SWING TIME
By Zadie Smith
Growing up brown on a London council estate in the ’80s, Tracey and the unnamed narrator of Zadie Smith’s tour-de-force novel gravitate to each other by default. It was “as if one piece of tan material had been cut to make us both,” Smith writes. Endlessly rewinding Fred Astaire musicals, they dream of becoming dancers like Tracey’s father, whose conspicuous absence is blamed on an ongoing gig with Michael Jackson.
Behind two outwardly similar friends stand two starkly different mothers. Dressed “like a little whore” in ruffles and crop tops, Tracey is “unashamedly her mother’s aspiration and avatar, her only joy.” This elicits, in equal parts, the envy of the narrator and the contempt of her Afro-wearing feminist mother, a fiercely proud autodidact whose tendency to “think of people collectively” will lead her to shed her marriage to the narrator’s devoted but unambitious father en route to a triumphant seat in parliament.
The girls drift apart in their teens. Tracey, the truly talented one, heads to dance school, the narrator to university before ending as jet-setting personal assistant to Aimee, a single-name Australian pop star. Over a decade, the narrator’s life stays outwardly glamorous but inwardly menial, while Tracey’s takes a nosedive into substance abuse and single parenthood. On the occasion their paths cross, the narrator is taken off guard by Tracey’s surprising vitriol toward the narrator’s now-divorced parents.

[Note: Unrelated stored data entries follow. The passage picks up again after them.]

(* Let $\mathcal A$ be a small abelian category. The map $$\gamma_{0,\mathcal A}:\mathsf{Cob}_0(\mathcal A)\to K_0(\mathcal A),\qquad [M]\mapsto\sum_{b\in M}s(b)[X_b],$$ is a well-defined isomorphism of abelian groups.
   Context: $K_0(\mathcal A)$ is the abelian group generated by symbols $[X]$ for $X\in\mathrm{Ob}(\mathcal A)$, with relations $[X_2]=[X_1]+[X_3]$ for every short exact sequence $0\to X_1\to X_2\to X_3\to0$. An $\mathcal A$-decorated 0-foam $M$ is a finite set of points $b$, each with a sign $s(b)\in\{\pm1\}$ and an object $X_b\in\mathcal A$; $-M$ reverses all signs. An $\mathcal A$-decorated 1-foam is the realization of a finite oriented graph. Multiple edges, loops and vertexless circles are allowed. Its interior vertices are trivalent and are either ''in'' vertices (two edges in, one out) or ''out'' vertices (one in, two out). At each vertex the two edges of equal orientation type are thin and the third is thick. The foam carries a flat connection with fibers objects of $\mathcal A$: parallel transport along edges gives isomorphisms of fibers, and circles carry monodromy automorphisms. At each vertex the two thin edges are ordered (first, second), and a short exact sequence $0\to X_{\mathrm{first}}\to X_{\mathrm{thick}}\to X_{\mathrm{second}}\to0$ of nearby fibers is fixed. A boundary point has the fiber there and sign $+$ if the edge points toward it, $-$ otherwise. A 1-foam $U$ is a cobordism from $M_0$ to $M_1$ if $\partial U\cong M_1\sqcup(-M_0)$. $\mathsf{Cob}_0(\mathcal A)$ is the set of $\mathcal A$-decorated 0-foams modulo the equivalence relation generated by cobordism. It is an abelian group under disjoint union. *)

From HB Require Import structures.
From mathcomp Require Import all_boot all_algebra.
From mathcomp Require Import boolp.
From Stdlib Require Import Relations.
Set Implicit Arguments. Unset Strict Implicit. Unset Printing Implicit Defensive.
Import GRing.Theory.
Local Open Scope ring_scope.
Lemma fundamental_exists m : m \notin s -> exists C, circuit b C && fundamental s C m.
Proof.
move=> ms; have us := dmk_neq0_uniq hs hd.
have hcard : #|m |: [set z in s]| = k.+1.
  by rewrite cardsU1 inE ms cardsE (card_uniqP us) hs.
have [C sC cC] : exists2 C : {set 'I_n}, C \subset m |: [set z in s] & circuit b C.
  by apply: circuit_subset; apply: not_indep_card; rewrite hcard.
have sub : C :\ m \subset [set z in s].
  apply/subsetP => z; rewrite in_setD1 => /andP [nzm zC].
  by move/subsetP: sC => /(_ z zC); rewrite !inE (negPf nzm).
exists C; rewrite cC /fundamental ms sub /= andbT.
apply/negPn/negP => mC; have [hz [l hl] hrel] := hcc cC.
move: hl; rewrite (dmk_rel_eq0 hs hd _ hrel) ?eqxx // => z zs.
apply: hz; apply: contra zs => zC.
have /(subsetP sub) : z \in C :\ m by rewrite in_setD1 zC andbT; apply: contraNneq mC => <-.
by rewrite inE.
Qed.

Lemma fundamental_uniq C C' m : circuit b C -> circuit b C' ->
  fundamental s C m -> fundamental s C' m -> C = C'.
Proof.
move=> cC cC' vC vC'.
move: (vC) (vC') => /and3P [mC ms _] /and3P [mC' _ _].
have [hz _ hr] := hcc cC; have [hz' _ hr'] := hcc cC'.
pose mu z := lam C' m * lam C z - lam C m * lam C' z.
have mu0 : forall z, mu z = 0.
  apply: (dmk_rel_eq0 hs hd) => [z zs|q]; rewrite /mu.
    case: (eqVneq z m) => [->|nzm]; first by rewrite mulrC subrr.
    have zC : z \notin C by apply: contra zs => zC; exact: fundamental_mem vC zC nzm.
    have zC' : z \notin C' by apply: contra zs => zC'; exact: fundamental_mem vC' zC' nzm.
    by rewrite (hz z zC) (hz' z zC') !mulr0 subrr.
  under eq_bigr do rewrite mulrBl -!mulrA.
  by rewrite sumrB -!big_distrr /= hr hr' !mulr0 subrr.
apply/setP => z; have /eqP := mu0 z; rewrite subr_eq0 => /eqP h.
have l1 := circuit_coeff_neq0 hcc cC mC; have l2 := circuit_coeff_neq0 hcc cC' mC'.
case: (boolP (z \in C)) => zC; case: (boolP (z \in C')) => zC' //.
- by have := mulf_neq0 l2 (circuit_coeff_neq0 hcc cC zC); rewrite h hz' // mulr0 eqxx.
- by have := mulf_neq0 l1 (circuit_coeff_neq0 hcc cC' zC'); rewrite -h hz // mulr0 eqxx.
Qed.
Section BousfieldAction.
Variables (p : nat) (M : lmodType (Zloc p)) (Psi : Zloc p -> M -> M) (x : M).
Hypothesis Psi_act : Rmodule_action Psi.

Lemma Psi_is_zmod_morphism j : j \is a GRing.unit -> zmod_morphism (Psi j).
Proof.
case: Psi_act => Psi_lin _ _ j_unit u v.
by rewrite -[u - v]addrC -scaleN1r Psi_lin // scaleN1r addrC.
Qed.

Definition Psi_additive j (j_unit : j \is a GRing.unit) : {additive M -> M} :=
  HB.pack (Psi j) (GRing.isZmodMorphism.Build _ _ (Psi j) (Psi_is_zmod_morphism j_unit)).

Lemma PsiZ j a y : j \is a GRing.unit -> Psi j (a *: y) = a *: Psi j y.
Proof.
case: Psi_act => Psi_lin _ _ j_unit.
have Psi0 : Psi j 0 = 0 := raddf0 (Psi_additive j_unit).
by have := Psi_lin j j_unit a y 0; rewrite !addr0 Psi0 addr0.
Qed.

Lemma Rgen_self : Rgen Psi x x.
Proof.
case: Psi_act => _ Psi1 _.
by exists [:: (1, 1)]; rewrite /= unitr1 big_seq1 scale1r Psi1.
Qed.

Lemma Rgen0 : Rgen Psi x 0.
Proof. by exists [::]; rewrite big_nil. Qed.

Lemma RgenD y z : Rgen Psi x y -> Rgen Psi x z -> Rgen Psi x (y + z).
Proof.
move=> [s1 [s1_unit ->]] [s2 [s2_unit ->]]; exists (s1 ++ s2).
by rewrite all_cat s1_unit s2_unit big_cat.
Qed.

Lemma RgenZ a y : Rgen Psi x y -> Rgen Psi x (a *: y).
Proof.
move=> [s [s_unit ->]]; exists [seq (a * c.1, c.2) | c <- s]; split.
  by rewrite all_map; apply: sub_all s_unit => c.
by rewrite big_map scaler_sumr; apply: eq_bigr => c _; rewrite scalerA.
Qed.

Lemma RgenB y z : Rgen Psi x y -> Rgen Psi x z -> Rgen Psi x (y - z).
Proof. by move=> Ry Rz; rewrite -scaleN1r; apply: RgenD => //; apply: RgenZ. Qed.

Lemma Rgen_Psi j y : j \is a GRing.unit -> Rgen Psi x y -> Rgen Psi x (Psi j y).
Proof.
case: Psi_act => _ _ PsiM j_unit [s [s_unit ->]].
exists [seq (c.1, j * c.2) | c <- s]; split.
  by rewrite all_map; apply: sub_all s_unit => c /= c_unit; rewrite unitrM j_unit.
have PsiD := raddfD (Psi_additive j_unit); have Psi0 := raddf0 (Psi_additive j_unit).
rewrite big_map (big_morph (Psi j) PsiD Psi0) big_seq [RHS]big_seq.
apply: eq_bigr => c /(allP s_unit) c_unit.
by rewrite PsiZ // PsiM.
Qed.

Lemma Rgen_poly_act j (j_unit : j \is a GRing.unit) P y :
  Rgen Psi x y -> Rgen Psi x (poly_act (Psi_additive j_unit) P y).
Proof.
move=> Ry; apply: big_ind => [|u v|i _]; [exact: Rgen0 | exact: RgenD |].
rewrite -scaler_int; apply: RgenZ.
by elim: (nat_of_ord i) => //= n; apply: Rgen_Psi.
Qed.

Definition pRgen (y : M) : Prop := exists w, Rgen Psi x w /\ y = p%:R *: w.

Lemma pRgenD y z : pRgen y -> pRgen z -> pRgen (y + z).
Proof.
by move=> [u [Ru ->]] [v [Rv ->]]; exists (u + v); rewrite scalerDr; split; [apply: RgenD|].
Qed.

Lemma pRgenB y z : pRgen y -> pRgen z -> pRgen (y - z).
Proof.
by move=> [u [Ru ->]] [v [Rv ->]]; exists (u - v); rewrite scalerBr; split; [apply: RgenB|].
Qed.

Lemma pRgen_scale d y : Rgen Psi x y -> pRgen ((p%:R * d) *: y).
Proof. by move=> Ry; exists (d *: y); rewrite scalerA; split; [apply: RgenZ|]. Qed.

Lemma pRgen_poly_act j (j_unit : j \is a GRing.unit) P y :
  pRgen y -> pRgen (poly_act (Psi_additive j_unit) P y).
Proof.
move=> [w [Rw ->]]; exists (poly_act (Psi_additive j_unit) P w); split.
  exact: Rgen_poly_act.
by rewrite !scaler_nat raddfMn.
Qed.

Lemma factors_Rx_modp : factors_Rx Psi x -> exists k, forall j j',
  j \is a GRing.unit -> j' \is a GRing.unit ->
  (exists c, j - j' = (p ^ k)%:R * c) ->
  forall y, Rgen Psi x y -> pRgen (Psi j y - Psi j' y).
Proof.
move=> /(_ 1%N (leqnn 1)) [k factors_k]; exists k => j j' j_unit j'_unit jj' y Ry.
by have [w [Rw ->]] := factors_k j j' j_unit j'_unit jj' y Ry; exists w; rewrite expn1.
Qed.

Section PhiModp.
Variable q : int.
Hypothesis q_unit : (q%:~R : Zloc p) \is a GRing.unit.
Let T := Psi_additive q_unit.

Lemma Psi_exprn n y : Psi ((q%:~R : Zloc p) ^+ n) y = iter n T y.
Proof.
case: Psi_act => _ Psi1 PsiM.
elim: n y => [|n IH] y; first by rewrite expr0 Psi1.
by rewrite exprS PsiM ?unitrX // IH -iterS.
Qed.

Smith has been crafting complex, layered individuals from the raw clay of race, class, culture and circumstance since she was in swaddling clothes (White Teeth). Swing Time shifts that skill effortlessly and compellingly to a global setting. In Gambia, where the narrator spends years intermittently setting up Aimee’s passion project, a school for girls, identity turns out to have its own theory of relativity: to the villagers she’s “white” and “American.” Later, a visit to an island used for the slave trade provides a turning point. Though still in denial that she’s effectively a slave to her own white (female) master, it dawns on the narrator that her “tribe” is defined less by race than by a lack of the charisma possessed by so many of the women in her life. “I had always tried to attach myself to the light of other people,” she laments in the novel’s retrospective first pages. “I had never had any light of my own.”